Lemma key_inj : injective key.
Proof.
move=> v1 v2; have [m [r1 [r2 [_ e1 e2 C]]]] := meet_branch v1 v2.
have G1 := root_path_cat_geod e1; have G2 := root_path_cat_geod e2.
rewrite (key_cat e1) (key_cat e2) => /(congr1 (drop (size (key m)))).
rewrite !drop_size_cat //.
case: C => [r0 | r0 | [f1 [x1 [t1 [f2 [x2 [t2 [-> -> nl]]]]]]]];
  last by case=> el; rewrite el eqxx in nl.
all: subst; move/(congr1 size); rewrite !size_labs /= => /eqP.
all: rewrite ?[0 == _]eq_sym size_eq0 => /eqP r0.
all: by subst; rewrite -(geod_nil G1) (geod_nil G2).
Qed.

Lemma vle_trans u v w : vle S u v -> vle S v w -> vle S u w.
Proof. by move=> /vle_key uv /vle_key vw; apply/vle_key/(le_trans uv vw). Qed.

Lemma vle_anti u v : vle S u v -> vle S v u -> u = v.
Proof. by move=> /vle_key uv /vle_key vu; apply/key_inj/le_anti; rewrite uv vu. Qed.

Lemma vle_or_vlt u v : vle S u v \/ vlt S v u.
Proof.
have [uv | vu] := leP (key u) (key v); first by left; apply/vle_key.
by right; split; [apply/vle_key/ltW | move=> evu; rewrite evu ltxx in vu].
Qed.

Lemma vlt_nvle u v : vlt S u v -> ~ vle S v u.
Proof. by case=> uv nuv vu; apply/nuv/vle_anti. Qed.

Lemma vle_min (I : finType) (f : I -> V) (P : I -> Prop) :
  (exists i, P i) -> exists i, P i /\ forall j, P j -> vle S (f i) (f j).
Proof.
pose Pb i := if excluded_middle_informative (P i) then true else false.
have PbP i : Pb i <-> P i by rewrite /Pb; case: excluded_middle_informative.
case=> i0 /PbP Pi0; case: (arg_minP (fun i => key (f i)) Pi0) => i /PbP Pi imin.
by exists i; split=> // j /PbP Pj; apply/vle_key/imin.
Qed.
End VertexOrder.

Section TreeEdges.
Variable S : gsetup.
Hypothesis HT : spanning_tree S.
Hypothesis HL : labelling_ok S.
Local Notation V := (gV S).
Local Notation E := (gE S).
Local Notation star := (star S).
Local Notation root_path := (root_path HT).
Implicit Types (p c v : V) (e : E).

Lemma par_edgeP v e :
  par_edge S v e <-> exists p, root_path v = rcons (root_path p) (e, v).
Proof.
split=> [[x [s G]] | [p pv]].
  have /geod_cat[Gp _] := geod_rev G; exists (last star (map snd (rev_walk x s))).
  by rewrite -(root_pathE HT (geod_rev G)) -cats1 -(root_pathE HT Gp).
exists p, (rev_walk star (root_path p)).
by have := geod_rev (root_path_geod HT v); rewrite pv -cats1 rev_walk_cat root_path_last.
Qed.

Section Child.
Variables (p c : V) (e : E).
Hypothesis pc : root_path c = rcons (root_path p) (e, c).

Lemma child_geod : geod S p c [:: (e, c)].
Proof. by apply: root_path_cat_geod; rewrite pc cats1. Qed.

Lemma child_joins : joins S e p c.
Proof. by case/andP: child_geod => /= /andP[/andP[]]. Qed.

Lemma child_in_tree : e \in gT S.
Proof. by case/andP: child_geod => /= /andP[/andP[]]. Qed.

Lemma child_neq : p <> c.
Proof. by case/andP: child_geod => _ /=; rewrite inE => /andP[/eqP]. Qed.

Lemma child_neq_star : c <> star.
Proof.
move=> cs; have /andP[_] := root_path_geod HT c.
by rewrite pc map_rcons -rcons_cons rcons_uniq cs mem_head.
Qed.

Lemma child_vlt : vlt S p c.
Proof.
split; last exact: child_neq.
have pc' : root_path c = root_path p ++ [:: (e, c)] by rewrite pc cats1.
by apply/(vle_key HT HL); rewrite (key_cat pc') -[X in (X <= _)%O]cats0 lexi_catl.
Qed.

Lemma child_iota : iotaE S e = c /\ tauE S e = p.
Proof.
have [pc_le _] := child_vlt.
rewrite /iotaE /tauE; case: excluded_middle_informative => h;
  case/orP: child_joins => /andP[/eqP sp /eqP tc]; rewrite sp tc in h * => //.
by case: child_neq; apply: (vle_anti HT HL pc_le h).
Qed.

End Child.

Lemma par_edge_uniq v e e' : par_edge S v e -> par_edge S v e' -> e = e'.
Proof.
case/par_edgeP=> p pv /par_edgeP[p'].
by rewrite pv => /rcons_inj[_ ->].
Qed.

Lemma par_edge_joins v e : par_edge S v e -> exists p, joins S e p v.
Proof. by case/par_edgeP=> p pv; exists p; apply: child_joins pv. Qed.

Lemma tree_edge_child e : e \in gT S ->
  exists p c, root_path c = rcons (root_path p) (e, c).
Proof.
move=> eT.
have st : src S e != tgt S e.
  apply/eqP=> st; apply: (@tree_acyclic _ HT (src S e) [:: (e, src S e)]) => //=.
  by rewrite /inT eT /joins st !eqxx.
have [ta | tNa] := boolP (tgt S e \in anc HT (src S e)).
  have /ancP[r e_r] := ta.
  have Gte : geod S (tgt S e) (src S e) [:: (e, src S e)].
    by rewrite /geod /= /inT eT /joins !eqxx orbT inE eq_sym st.
  exists (tgt S e), (src S e).
  by rewrite e_r (geod_uniq HT (root_path_cat_geod e_r) Gte) cats1.
exists (src S e), (tgt S e); symmetry; apply: root_pathE.
have /andP[W U] := root_path_geod HT (src S e).
rewrite /geod -cats1 walkin_cat root_path_last W /= /inT eT /joins !eqxx /=.
by rewrite -[_ && _]/(uniq (star :: _)) map_cat cats1 -rcons_cons rcons_uniq tNa.
Qed.

End TreeEdges.

Section Cells.
Variable S : gsetup.
Hypothesis HT : spanning_tree S.
Hypothesis HL : labelling_ok S.
Local Notation V := (gV S).
Local Notation E := (gE S).
Local Notation star := (star S).
Implicit Types (c : {set V + E}) (u v w : V) (e f g : E) (x y : V + E).

Lemma cl_disjC x y : cl_disj S x y = cl_disj S y x.
Proof. exact: disjoint_sym. Qed.

Lemma cl_disjP x y :
  reflect (forall z, z \in endset S x -> z \notin endset S y) (cl_disj S x y).
Proof.
apply: (iffP idP) => [D z zx | H]; first by rewrite (disjointFr D zx).
by rewrite /cl_disj disjoint_subset; apply/subsetP => z /H.
Qed.

Lemma cl_disj_vertex v x : cl_disj S (inl v) x = (v \notin endset S x).
Proof. exact: disjoints1. Qed.

Lemma cl_disj_edge f a b x : joins S f a b ->
  cl_disj S (inr f) x = (a \notin endset S x) && (b \notin endset S x).
Proof.
move=> j; apply/idP/andP => [/cl_disjP D | [aN bN]].
  by split; apply: D; rewrite (endset_joins j) !inE eqxx ?orbT.
by apply/cl_disjP => z; rewrite (endset_joins j) !inE => /orP[]/eqP->.
Qed.

Lemma iota_endset e : iotaE S e \in endset S (inr e).
Proof.
by rewrite /iotaE; destruct excluded_middle_informative; rewrite /= !inE eqxx ?orbT.
Qed.

Lemma unblockedP c v g : par_edge S v g -> unblocked S c v <->
  [/\ inl v \in c, v <> star & forall x, x \in c -> x <> inl v -> cl_disj S (inr g) x].
Proof.
move=> pg; split=> [[vc vs [g' [pg' D]]] | [vc vs D]]; last by split=> //; exists g.
by rewrite (par_edge_uniq HT pg pg') in D *.
Qed.

Definition redundant_cond c :=
  (~ (exists e, ord_resp S c e) /\ exists v, inl v \in c /\ unblocked S c v) \/
  (exists e, min_ord_resp S c e /\
     exists v, [/\ inl v \in c, unblocked S c v & vlt S v (iotaE S e)]).

Definition collapsible_cond c :=
  exists e, min_ord_resp S c e /\
    forall v, inl v \in c -> vlt S v (iotaE S e) -> blocked S c v.

Section Reduction.
Variables (n : nat) (c0 : {set V + E}) (p v0 : V) (e : E).
Hypothesis cell0 : is_cell S n c0.
(* e = e(v0), and p = tau(e) is the parent of v0 *)
Hypothesis pv0 : root_path HT v0 = rcons (root_path HT p) (e, v0).
Hypothesis U0 : unblocked S c0 v0.
Hypothesis min0 : forall w, unblocked S c0 w -> vle S v0 w.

------------------------

◆ YOUR INSTRUCTIONS ◆
Go through the entries above and report each line with the string "move" in it.

◆ WRITTEN REPLY ◆
move=> v1 v2; have [m [r1 [r2 [_ e1 e2 C]]]] := meet_branch v1 v2.
all: subst; move/(congr1 size); rewrite !size_labs /= => /eqP.
Proof. by move=> /vle_key uv /vle_key vw; apply/vle_key/(le_trans uv vw). Qed.
Proof. by move=> /vle_key uv /vle_key vu; apply/key_inj/le_anti; rewrite uv vu. Qed.
by right; split; [apply/vle_key/ltW | move=> evu; rewrite evu ltxx in vu].
move=> cs; have /andP[_] := root_path_geod HT c.
move=> eT.
move=> j; apply/idP/andP => [/cl_disjP D | [aN bN]].
move=> pg; split=> [[vc vs [g' [pg' D]]] | [vc vs D]]; last by split=> //; exists g.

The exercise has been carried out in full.